ANST - Judging Brewing
amazing at mail.utexas.edu
Thu Aug 14 00:33:47 PDT 1997
Hi all. Aquilanne here.
Alexander Ravenshaw shares his enthusiasm at the topic of brewing with:
>Alrighty then.. I'm glad someone has finally mentioned something about
and expresses some concerns:
>I like the form provided, but, I have some problems with it...
>The simple fact is, that brewing and vinting can be a difficult catagory to
>judge. And, more often than not, such a detailed judging, like the one
>provided in the last post, is hard to do. Finding capable judges that can use
>such criteria is very rare. And some of the period technique, ingredients,
>are quite frankly, hazardous to your health. (*) Documentation is a real
>problem due to the fact that there is little or none in period. But, it is
>hope of brewers such as myself and the other members of The Honorable
>Brotherhood of Brewers and Vinters to see more education and research on the
>subject. It has seemed as of late that it is needed.

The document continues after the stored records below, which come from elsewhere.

(* Let $K_1,\dots,K_M$ be matrices with $K_i\in\mathbb{R}^{p\times d_i}$ having orthonormal columns, and suppose $\mathrm{span}[K_1\,K_2\,\cdots\,K_M]=\mathbb{R}^p$. Let $A_i=\{\mathbf a\in\mathbb{R}^p:\ \exists\,\alpha^i\in\mathbb{R}^{d_i},\ \mathbf a=K_i\alpha^i,\ \|\mathbf a\|=\|\alpha^i\|=1\}$ and $\mathcal A=\bigcup_{i=1}^M A_i$. Then for every $\mathbf x\in\mathbb{R}^p$ the atomic norm satisfies \[\|\mathbf x\|_{\mathcal A}=\min_{\mathbf x=\sum_i K_i\alpha^i}\ \sum_{i=1}^M\|\alpha^i\|,\] where the minimum is over all families $\alpha^i\in\mathbb{R}^{d_i}$, $i=1,\dots,M$, with $\mathbf x=\sum_i K_i\alpha^i$.
   Context: For a set of atoms $\mathcal A\subset\mathbb{R}^p$, the atomic norm of $\mathbf x\in\mathbb{R}^p$ is $\|\mathbf x\|_{\mathcal A}=\inf\{\sum_{\mathbf a\in\mathcal A}c_{\mathbf a}:\ \mathbf x=\sum_{\mathbf a\in\mathcal A}c_{\mathbf a}\mathbf a,\ c_{\mathbf a}\ge 0\}$ (only countably many, in fact finitely many, $c_{\mathbf a}$ nonzero). All norms without subscript are Euclidean norms. *)

From HB Require Import structures.
From mathcomp Require Import all_boot all_order all_algebra.
From mathcomp Require Import classical_sets reals.
Set Implicit Arguments. Unset Strict Implicit. Unset Printing Implicit Defensive.
Import Order.TTheory GRing.Theory Num.Theory.
Local Open Scope ring_scope.
Local Open Scope classical_set_scope.

Definition enorm (R : realType) (n : nat) (v : 'cV[R]_n) : R :=
  Num.sqrt (\sum_(j < n) v j 0 ^+ 2).

Definition atoms (R : realType) (p M : nat) (d : 'I_M -> nat)
  (K : forall i : 'I_M, 'M[R]_(p, d i)) : set 'cV[R]_p :=
  [set a | exists i : 'I_M, exists alpha : 'cV[R]_(d i),
      a = K i *m alpha /\ enorm a = 1 /\ enorm alpha = 1].

Definition atomic_norm (R : realType) (p : nat) (A : set 'cV[R]_p)
  (x : 'cV[R]_p) : R :=
  inf [set t : R | exists s : seq (R * 'cV[R]_p),
        (forall ca, ca \in s -> 0 <= ca.1 /\ A ca.2) /\
        x = \sum_(ca <- s) ca.1 *: ca.2 /\
        t = \sum_(ca <- s) ca.1].

(* An atom of A_i is a = K_i u with |u| = 1, and then u = K_i^T a.  Grouping
   the atoms of a nonnegative atomic decomposition x = sum_a c_a a by block
   therefore gives a block decomposition x = sum_i K_i alpha_i with
   sum_i |alpha_i| <= sum_a c_a, by the triangle inequality.  Conversely a block
   decomposition alpha is the atomic decomposition with atoms
   K_i (alpha_i / |alpha_i|) and weights |alpha_i|.  So the atomic norm is the
   infimum of sum_i |alpha_i| over block decompositions, and this infimum is a
   minimum: the decompositions costing at most that of a given one form a
   closed subset of a box. *)
From HB Require Import structures.
From mathcomp Require Import all_boot all_order all_algebra.
From mathcomp Require Import boolp classical_sets functions reals topology.
From mathcomp Require Import normedtype derive realfun function_spaces.
From mathcomp Require Import ring lra.
Set Implicit Arguments. Unset Strict Implicit. Unset Printing Implicit Defensive.
Import Order.TTheory GRing.Theory Num.Theory.
Import numFieldNormedType.Exports ArrowAsProduct.
Local Open Scope ring_scope.
Local Open Scope classical_set_scope.

Section EuclideanNorm.
Variable R : realType.

Lemma cauchy_schwarz_sum n (f g : 'I_n -> R) :
  (\sum_i f i * g i) ^+ 2 <= (\sum_i f i ^+ 2) * (\sum_i g i ^+ 2).
Proof.
(* Lagrange's identity: the gap is half of sum_(i,j) (f i g j - f j g i)^2. *)
set F := \sum_i f i ^+ 2; set G := \sum_i g i ^+ 2; set C := \sum_i f i * g i.
have FG : F * G = \sum_i \sum_j f i ^+ 2 * g j ^+ 2.
  by rewrite big_distrl; apply: eq_bigr => i _; rewrite big_distrr.
have GF : F * G = \sum_i \sum_j f j ^+ 2 * g i ^+ 2.
  rewrite mulrC big_distrl; apply: eq_bigr => i _; rewrite big_distrr.
  by apply: eq_bigr => j _; rewrite mulrC.
have CC : C ^+ 2 = \sum_i \sum_j (f i * g i) * (f j * g j).
  by rewrite expr2 big_distrl; apply: eq_bigr => i _; rewrite big_distrr.
have lagrange : \sum_i \sum_j (f i * g j - f j * g i) ^+ 2 =
    F * G + F * G - 2 * C ^+ 2.
  rewrite {1}FG GF CC mulr_sumr -big_split -sumrB; apply: eq_bigr => i _ /=.
  by rewrite mulr_sumr -big_split -sumrB; apply: eq_bigr => j _ /=; ring.
have : 0 <= \sum_i \sum_j (f i * g j - f j * g i) ^+ 2.
  by apply: sumr_ge0 => i _; apply: sumr_ge0 => j _; apply: sqr_ge0.
rewrite lagrange; lra.
Qed.

Lemma enorm_ge0 n (v : 'cV[R]_n) : 0 <= enorm v.
Proof. exact: sqrtr_ge0. Qed.

Lemma sqr_enorm n (v : 'cV[R]_n) : enorm v ^+ 2 = \sum_j v j 0 ^+ 2.
Proof. by rewrite sqr_sqrtr // sumr_ge0 // => j _; apply: sqr_ge0. Qed.

Lemma enorm0 n : enorm (0 : 'cV[R]_n) = 0.
Proof. by rewrite /enorm big1 ?sqrtr0 // => j _; rewrite mxE expr0n. Qed.

Lemma enormZ n (a : R) (v : 'cV[R]_n) : enorm (a *: v) = `|a| * enorm v.
Proof.
rewrite /enorm -sqrtr_sqr -sqrtrM ?sqr_ge0 // mulr_sumr.
by congr Num.sqrt; apply: eq_bigr => j _; rewrite mxE exprMn.
Qed.

Lemma dot_le_enorm n (u v : 'cV[R]_n) :
  \sum_j u j 0 * v j 0 <= enorm u * enorm v.
Proof.
have := cauchy_schwarz_sum (fun j => u j 0) (fun j => v j 0).
rewrite -!sqr_enorm -exprMn; have := mulr_ge0 (enorm_ge0 u) (enorm_ge0 v).
by move: (\sum_j _) (_ * _) => c N; nra.
Qed.

Lemma ler_enormD n (u v : 'cV[R]_n) : enorm (u + v) <= enorm u + enorm v.
Proof.
have uv_ge0 := addr_ge0 (enorm_ge0 u) (enorm_ge0 v).
rewrite -ler_sqr ?nnegrE ?enorm_ge0 // !sqr_enorm.
have -> : \sum_j (u + v) j 0 ^+ 2 =
    \sum_j u j 0 ^+ 2 + \sum_j v j 0 ^+ 2 + 2 * \sum_j u j 0 * v j 0.
  by rewrite mulr_sumr -!big_split; apply: eq_bigr => j _ /=; rewrite mxE; ring.
by rewrite -!sqr_enorm; have := dot_le_enorm u v; nra.
Qed.

Lemma ler_coord_enorm n (v : 'cV[R]_n) j : `|v j 0| <= enorm v.
Proof.
rewrite -ler_sqr ?nnegrE ?enorm_ge0 // sqr_enorm real_normK ?num_real //.
by rewrite (bigD1 j) //= lerDl sumr_ge0 // => k _; apply: sqr_ge0.
Qed.

Lemma enorm_eq0 n (v : 'cV[R]_n) : enorm v = 0 -> v = 0.
Proof.
move=> v0; apply/matrixP => j k; rewrite (ord1 k) mxE.
by apply/eqP; rewrite -normr_le0 -v0 ler_coord_enorm.
Qed.

Lemma enorm_orthomx m n (K : 'M[R]_(m, n)) (v : 'cV[R]_n) :
  K^T *m K = 1%:M -> enorm (K *m v) = enorm v.
Proof.
have dotE k (w : 'cV[R]_k) : enorm w = Num.sqrt ((w^T *m w) 0 0).
  by rewrite mxE; congr Num.sqrt; apply: eq_bigr => j _; rewrite mxE expr2.
by move=> KK; rewrite !dotE trmx_mul -mulmxA (mulmxA K^T) KK mul1mx.
Qed.
End EuclideanNorm.

Section Compactness.
Variable R : realType.

Lemma continuous_sum (T : topologicalType) (I : Type) (s : seq I) (P : pred I)
    (F : I -> T -> R) :
  (forall i, continuous (F i)) ->
  continuous (fun t => \sum_(i <- s | P i) F i t).
Proof.
move=> Fcont; rewrite -fct_sumE.
apply: (big_ind (fun f => continuous f)) => //; first exact: cst_continuous.
by move=> f g fc gc t; exact: continuousD (fc t) (gc t).
Qed.

Lemma continuous_mx (T : topologicalType) m n (f : T -> 'M[R]_(m, n)) :
  (forall i j, continuous (fun t => f t i j)) -> continuous f.
Proof.
move=> fcont t A [P /= Pnbhs PA].
have : \forall s \near t, forall ij : 'I_m * 'I_n, P ij.1 ij.2 (f s ij.1 ij.2).
  by apply: filter_forall => -[i j]; exact: fcont i j t _ (Pnbhs i j).
by apply: filterS => s Ps; apply: PA => i j; exact: Ps (i, j).
Qed.

Lemma compact_cV_box n (c : R) :
  compact [set v : 'cV[R]_n | forall j, `|v j 0| <= c].
Proof.
pose B := [set w : 'rV[R]_n | forall j, `[-c, c]%classic (w 0 j)].
have Bcompact : compact B.
  apply: (@rV_compact _ _ (fun=> `[-c, c]%classic)) => _.
  exact: segment_compact.
have -> : [set v : 'cV[R]_n | forall j, `|v j 0| <= c] = trmx @` B.
  apply/seteqP; split => [v vc | _ [w wB <-] j].
    by exists v^T; [move=> j; rewrite /= in_itv /= mxE -ler_norml | rewrite trmxK].
  by have := wB j; rewrite /= in_itv /= mxE ler_norml.
apply: continuous_compact => //; apply/continuous_subspaceT/continuous_mx.
by move=> i j; under [fun t => _]funext => t do rewrite mxE; exact: coord_continuous.
Qed.

Lemma continuous_block_coord (M : nat) (d : 'I_M -> nat) i l k :
  continuous (fun b : forall i : 'I_M, 'cV[R]_(d i) => b i l k).
Proof.
move=> b; apply: (continuous_comp (f := fun b : forall i, 'cV[R]_(d i) => b i)
  (g := fun v : 'cV[R]_(d i) => v l k)).
  exact: proj_continuous.
exact: coord_continuous.
Qed.

Lemma continuous_sum_enorm (M : nat) (d : 'I_M -> nat) :
  continuous (fun b : forall i : 'I_M, 'cV[R]_(d i) => \sum_i enorm (b i)).
Proof.
apply: continuous_sum => i b.
apply: (continuous_comp
  (f := fun b : forall i, 'cV[R]_(d i) => \sum_j b i j 0 ^+ 2));
  last exact: sqrt_continuous.
move: b; apply: continuous_sum => j b.
by apply: continuousM; apply: continuous_block_coord.
Qed.

Lemma closed_block_decompositions (p M : nat) (d : 'I_M -> nat)
    (K : forall i, 'M[R]_(p, d i)) (x : 'cV[R]_p) :
  closed [set b : forall i : 'I_M, 'cV[R]_(d i) | x = \sum_i K i *m b i].
Proof.
have -> : [set b : forall i : 'I_M, 'cV[R]_(d i) | x = \sum_i K i *m b i] =
    \bigcap_(r in [set: 'I_p])
      ((fun b : forall i, 'cV[R]_(d i) => \sum_i \sum_l K i r l * b i l 0)
         @^-1` [set x r 0]).
  apply/seteqP; split => [b -> r _ | b xb] /=.
    by rewrite summxE; apply: eq_bigr => i _; rewrite mxE.
  apply/matrixP => r k; rewrite (ord1 k) -(xb r I) summxE.
  by apply: eq_bigr => i _; rewrite mxE.
apply: closed_bigI => r _; apply: preimage_closed; last exact: closed_eq.
move=> b _; move: b; apply: continuous_sum => i; apply: continuous_sum => l b.
by apply: continuousM; [exact: cst_continuous | exact: continuous_block_coord].
Qed.
End Compactness.

Section BlockDecompositions.
Variables (R : realType) (p M : nat) (d : 'I_M -> nat).
Variable K : forall i : 'I_M, 'M[R]_(p, d i).

Lemma ler_coord_sum_enorm (b : forall i : 'I_M, 'cV[R]_(d i)) i j :
  `|b i j 0| <= \sum_i enorm (b i).
Proof.
apply: le_trans (ler_coord_enorm (b i) j) _.
by rewrite (bigD1 i) //= lerDl sumr_ge0 // => k _; apply: enorm_ge0.
Qed.

Lemma exists_min_block_decomposition (x : 'cV[R]_p)
    (b0 : forall i, 'cV[R]_(d i)) :
  x = \sum_i K i *m b0 i ->
  exists2 a : forall i, 'cV[R]_(d i), x = \sum_i K i *m a i &
    forall b : forall i, 'cV[R]_(d i), x = \sum_i K i *m b i ->
      \sum_i enorm (a i) <= \sum_i enorm (b i).
Proof.
move=> xb0; set c := \sum_i enorm (b0 i).
(* Decompositions costing at most c lie in a box, which makes the search compact. *)
pose S := [set b : forall i : 'I_M, 'cV[R]_(d i) |
    forall i, [set v : 'cV[R]_(d i) | forall j, `|v j 0| <= c] (b i)]
  `&` [set b | x = \sum_i K i *m b i].
have Scompact : compact S.
  apply: compact_closedI; last exact: closed_block_decompositions.
  apply: (@tychonoff _ (fun i => 'cV[R]_(d i))
    (fun i => [set v | forall j, `|v j 0| <= c])) => i.
  exact: compact_cV_box.
have S0 : S !=set0 by exists b0; split => //= i j; apply: ler_coord_sum_enorm.
have [a aS amin] := compact_EVT_min S0 Scompact
  (continuous_subspaceT (@continuous_sum_enorm R M d)).
move: aS; rewrite inE => -[_ xa]; exists a => // b xb.
have [//|ba] := lerP (\sum_i enorm (a i)) (\sum_i enorm (b i)).
have ac : \sum_i enorm (a i) <= c.
  by apply: amin; rewrite inE; split => //= i j; apply: ler_coord_sum_enorm.
have /amin : b \in S.
  rewrite inE; split => //= i j; apply: le_trans (ler_coord_sum_enorm b j) _.
  by apply: ltW; apply: lt_le_trans ac.
by rewrite leNgt ba.
Qed.

Hypothesis Korth : forall i, (K i)^T *m K i = 1%:M.

Lemma atomic_decomposition_blocks (s : seq (R * 'cV[R]_p)) :
  (forall ca, ca \in s -> 0 <= ca.1 /\ atoms K ca.2) ->
  exists beta : forall i, 'cV[R]_(d i),
    \sum_(ca <- s) ca.1 *: ca.2 = \sum_i K i *m beta i /\
    \sum_i enorm (beta i) <= \sum_(ca <- s) ca.1.
Proof.
elim: s => [|[c a] s IHs] sA.
  exists (fun=> 0); rewrite !big_nil big1 => [|i _]; last by rewrite mulmx0.
  by split => //; rewrite big1 // => i _; rewrite enorm0.
have [|beta [sbeta beta_le]] := IHs.
  by move=> ca sca; apply: sA; rewrite inE sca orbT.
have [/= c_ge0 [i [u [au [_ u1]]]]] := sA (c, a) (mem_head _ _).
(* The new atom only changes block i, by c * u with u = K_i^T a. *)
pose delta k : 'cV[R]_(d k) := (k == i)%:R * c *: ((K k)^T *m a).
have deltaE : forall k, k != i -> delta k = 0.
  by move=> k /negbTE ki; rewrite /delta ki mul0r scale0r.
have delta_i : delta i = c *: u by rewrite /delta eqxx mul1r au mulmxA Korth mul1mx.
exists (fun k => beta k + delta k); rewrite !big_cons /=; split.
  rewrite sbeta (eq_bigr _ (fun k _ => mulmxDr _ _ _)) big_split /= addrC.
  congr (_ + _); rewrite (bigD1 i) //= big1 => [|k ki]; last first.
    by rewrite deltaE ?mulmx0.
  by rewrite delta_i -scalemxAr -au addr0.
apply: le_trans (ler_sum _ (fun k _ => ler_enormD (beta k) (delta k))) _.
rewrite big_split /= addrC lerD // (bigD1 i) //= big1 => [|k ki].
  by rewrite delta_i enormZ u1 ger0_norm // mulr1 addr0.
by rewrite deltaE ?enorm0.
Qed.

Lemma blocks_atomic_decomposition (alpha : forall i, 'cV[R]_(d i)) :
  exists s : seq (R * 'cV[R]_p),
    [/\ forall ca, ca \in s -> 0 <= ca.1 /\ atoms K ca.2,
        \sum_i K i *m alpha i = \sum_(ca <- s) ca.1 *: ca.2 &
        \sum_i enorm (alpha i) = \sum_(ca <- s) ca.1].
Proof.
pose nz := [pred i | enorm (alpha i) != 0].
have sum_nz (V : zmodType) (F : 'I_M -> V) : (forall i, ~~ nz i -> F i = 0) ->
    \sum_i F i = \sum_(i <- index_enum 'I_M | nz i) F i.
  by move=> F0; rewrite (bigID nz) /= [X in _ + X]big1 ?addr0.
exists [seq (enorm (alpha i), K i *m ((enorm (alpha i))^-1 *: alpha i))
       | i <- index_enum 'I_M & nz i]; split.
- move=> ca /mapP [i]; rewrite mem_filter => /andP [nz_i _] -> /=.
  split; first exact: enorm_ge0.
  have unit_norm : enorm ((enorm (alpha i))^-1 *: alpha i) = 1.
    by rewrite enormZ ger0_norm ?invr_ge0 ?enorm_ge0 // mulVf.
  by exists i, ((enorm (alpha i))^-1 *: alpha i); rewrite enorm_orthomx.
- rewrite big_map big_filter sum_nz => [|i /negPn /eqP /enorm_eq0 ->].
    apply: eq_bigr => i nz_i.
    by rewrite -scalemxAr scalerA mulfV // scale1r.
  by rewrite mulmx0.
- by rewrite big_map big_filter sum_nz // => i /negPn /eqP.
Qed.
End BlockDecompositions.

Theorem lemma1 (R : realType) (p M : nat) (d : 'I_M -> nat)
  (K : forall i : 'I_M, 'M[R]_(p, d i))
  (Horth : forall i : 'I_M, (K i)^T *m K i = 1%:M)
  (Hspan : forall x : 'cV[R]_p, exists alpha : forall i : 'I_M, 'cV[R]_(d i),
      x = \sum_(i < M) K i *m alpha i) :
  forall x : 'cV[R]_p,
    exists alpha : forall i : 'I_M, 'cV[R]_(d i),
      x = \sum_(i < M) K i *m alpha i /\
      (forall beta : forall i : 'I_M, 'cV[R]_(d i),
          x = \sum_(i < M) K i *m beta i ->
          \sum_(i < M) enorm (alpha i) <= \sum_(i < M) enorm (beta i)) /\
      atomic_norm (atoms K) x = \sum_(i < M) enorm (alpha i).
Proof.
move=> x; have [b0 xb0] := Hspan x.
have [a xa amin] := exists_min_block_decomposition xb0.
exists a; split=> //; split=> //.
rewrite /atomic_norm; set costs := [set t : R | _].
have costs_a : costs (\sum_i enorm (a i)).
  have [s [sA as_ cost_s]] := blocks_atomic_decomposition Horth a.
  by exists s; rewrite xa as_ cost_s.
have costs_ge : lbound costs (\sum_i enorm (a i)).
  move=> _ [s [sA [xs ->]]].
  have [beta [sbeta beta_le]] := atomic_decomposition_blocks Horth sA.
  by apply: le_trans beta_le; apply: amin; rewrite xs.
apply/eqP; rewrite eq_le; apply/andP; split.
  by apply: ge_inf => //; exists (\sum_i enorm (a i)).
by apply: lb_le_inf => //; exists (\sum_i enorm (a i)).
Qed.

I understand the concern, but finding "capable" judges--meaning, I assume,
that these judges understand the intricacies of a specific art--is not
necessarily easy in many other categories. Many of us Laurel-types may
dabble our fingers in quite a few artistic pots, so to speak, but few (if
any) totally immerse ourselves in more than one area--at a time, anyway. I
still remember an A&S competition where I had entered a scroll which I had
used an orangy-vermillion color in the illumination, and a judge commenting
that "orange isn't a period color." Along the way, I'm sure I got some high
scores because the person looking at the work went "wow" without having
enough background and savvy about the artform I was working with to find my
mistakes. Outside of hiring professionals to do our judging for us (and even
the *professionals'* knowlege bases are not infallible), I think what we
should do is continue educating ourselves and encouraging our knowlegeable
folk to teach as many other folk as humanly possible. This is an educational
organization, and teaching is one of the most powerful learning tools we
have at our grasp, and the more folk who learn stuff make the more potential
resources, etc, etc.
>You can produce the most periodly correct (PC.. cute, I
>like that), using period technique, ingredients, have documentation to the
>hilt, and it can be perfect in every way. But, if it doesn't taste good,
>it's a wasted effort.
Valid point. That's why many judging criteria/systems make the aesthetic
appeal of an entry an element of judging criteria. As well, some systems
(like the Aten one) have an authenticity/creativity section: if you use all
period methods and materials and have adequate documentation to back it up,
you get high scores for authenticity; if you use use non-period methods, but
can justify them in relation to how things were done in period (say, as
a)the only period analogs available, b)a *safe* method or material in the
place of the potentially unsafe period method or material, or c)maybe you
can't afford the period method/material, or are allergic to the period
material, d)having no way of really knowing what the period product tasted
like, and wanting to appeal to a modern palate, etc., etc.) then you get
high scores for creativity. There are other situations that would fit in
here, but I think you get the idea.
>Now, I'm not saying that we should get rid of the detailed judging. The whole
>point of the SCA is period recreation. But sometimes, in areas like this need
>to have a taste-based judging.
Here again, this is one reason why the detailed criteria is needed: there's
no such thing as complete objectivity--especially when it comes to art. One
judge is going to be very partial to Elizabethan garb and find it difficult
to judge early Viking appropriately without criteria to guide her because it
doesn't hold the same aesthetic appeal for her; as well, one judge may be
partial to madrigals and may not be able to appropriately judge metered
rhyme without appropriate criteria to guide him because it doesn't hold the
same aesthetic appeal to him. *That's* why simple taste-based judging isn't
quite appropriate for something as structured as a Kingdom A&S Competition.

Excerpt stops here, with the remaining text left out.